The entries below hold a line with "Definition stratification (F" and a line with "V_(i+j) and W_(i+j)". Return those lines and all that lie between them, exactly and only.

Segment Start: Provided information

(* Let $\mathfrak{g}$ be a Lie algebra with two stratifications $$V_1\oplus\dots\oplus V_s=\mathfrak{g}=W_1\oplus\dots\oplus W_t.$$ Then $s=t$ and there exists a Lie algebra automorphism $A:\mathfrak{g}\to\mathfrak{g}$ such that $A(V_i)=W_i$ for all $i\in\{1,\dots,s\}$.
   Context: All Lie algebras are finite-dimensional over $\mathbb R$. For subspaces $V,W$ of a Lie algebra, $[V,W]:=\operatorname{span}\{[X,Y]: X\in V, Y\in W\}$. A stratification of a Lie algebra $\mathfrak{g}$ is a direct-sum decomposition $\mathfrak{g}=V_1\oplus\dots\oplus V_s$ for some integer $s\ge1$ with $V_s\neq\{0\}$ and $[V_1,V_j]=V_{j+1}$ for all $j\in\{1,\dots,s\}$, where $V_{s+1}:=\{0\}$. *)

From HB Require Import structures.
From mathcomp Require Import all_boot all_order all_algebra.
Set Implicit Arguments. Unset Strict Implicit. Unset Printing Implicit Defensive.
Import GRing.Theory.
Local Open Scope ring_scope.

Definition is_lie_bracket (F : fieldType) (L : vectType F) (br : L -> L -> L) : Prop :=
  [/\ (forall (a : F) (x y z : L), br (a *: x + y) z = a *: br x z + br y z),
      (forall (a : F) (x y z : L), br x (a *: y + z) = a *: br x y + br x z),
      (forall x : L, br x x = 0) &
      (forall x y z : L, br x (br y z) + br y (br z x) + br z (br x y) = 0)].

Definition is_bracket_span (F : fieldType) (L : vectType F) (br : L -> L -> L)
    (U W Z : {vspace L}) : Prop :=
  (forall x y, x \in U -> y \in W -> br x y \in Z) /\
  (forall Z' : {vspace L},
      (forall x y, x \in U -> y \in W -> br x y \in Z') -> (Z <= Z')%VS).

(* V 1 (+) ... (+) V s is a stratification of (L, br); indices 1..s are used,
   other values of V are irrelevant; V (s+1) := 0. *)
Definition stratification (F : fieldType) (L : vectType F) (br : L -> L -> L)
    (s : nat) (V : nat -> {vspace L}) : Prop :=
  [/\ (1 <= s)%N,
      (\sum_(1 <= i < s.+1) V i)%VS = fullv,
      directv (\sum_(1 <= i < s.+1) V i)%VS,
      V s != 0%VS &
      (forall j, (1 <= j <= s)%N ->
         is_bracket_span br (V 1%N) (V j) (if (j < s)%N then V j.+1 else 0%VS))].

Definition lie_automorphism (F : fieldType) (L : vectType F) (br : L -> L -> L)
    (A : 'End(L)) : Prop :=
  lker A = 0%VS /\ (forall x y : L, A (br x y) = br (A x) (A y)).

From HB Require Import structures.
From mathcomp Require Import all_boot all_order all_algebra.
From mathcomp Require Import zify.
Local Open Scope ring_scope.
Import GRing.Theory.
Set Implicit Arguments. Unset Strict Implicit.

(* The tails V_k + ... + V_s of a stratification are the terms of the lower
   central series (g^(1) = g, g^(k+1) = [g, g^(k)]), so they depend only on the
   Lie algebra; comparing where they vanish gives s = t.  Since V_i and W_i are
   both complements of g^(i+1) in g^(i), the map A sending x in V_i to its
   W_i-component satisfies x - A x \in g^(i+1), and the symmetric map is its
   inverse.  For x in V_i and y in V_j, the brackets [x, y] and [A x, A y] lie in
   V_(i+j) and W_(i+j) and differ by an element of g^(i+j+1), hence
   A [x, y] = [A x, A y]. *)

Section Bracket.
Variables (F : fieldType) (L : vectType F) (br : L -> L -> L).
Hypothesis Hbr : is_lie_bracket br.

Segment End: Provided information

Answer to the exercise.
Definition stratification (F : fieldType) (L : vectType F) (br : L -> L -> L)
    (s : nat) (V : nat -> {vspace L}) : Prop :=
  [/\ (1 <= s)%N,
      (\sum_(1 <= i < s.+1) V i)%VS = fullv,
      directv (\sum_(1 <= i < s.+1) V i)%VS,
      V s != 0%VS &
      (forall j, (1 <= j <= s)%N ->
         is_bracket_span br (V 1%N) (V j) (if (j < s)%N then V j.+1 else 0%VS))].

Definition lie_automorphism (F : fieldType) (L : vectType F) (br : L -> L -> L)
    (A : 'End(L)) : Prop :=
  lker A = 0%VS /\ (forall x y : L, A (br x y) = br (A x) (A y)).

From HB Require Import structures.
From mathcomp Require Import all_boot all_order all_algebra.
From mathcomp Require Import zify.
Local Open Scope ring_scope.
Import GRing.Theory.
Set Implicit Arguments. Unset Strict Implicit.

(* The tails V_k + ... + V_s of a stratification are the terms of the lower
   central series (g^(1) = g, g^(k+1) = [g, g^(k)]), so they depend only on the
   Lie algebra; comparing where they vanish gives s = t.  Since V_i and W_i are
   both complements of g^(i+1) in g^(i), the map A sending x in V_i to its
   W_i-component satisfies x - A x \in g^(i+1), and the symmetric map is its
   inverse.  For x in V_i and y in V_j, the brackets [x, y] and [A x, A y] lie in
   V_(i+j) and W_(i+j) and differ by an element of g^(i+j+1), hence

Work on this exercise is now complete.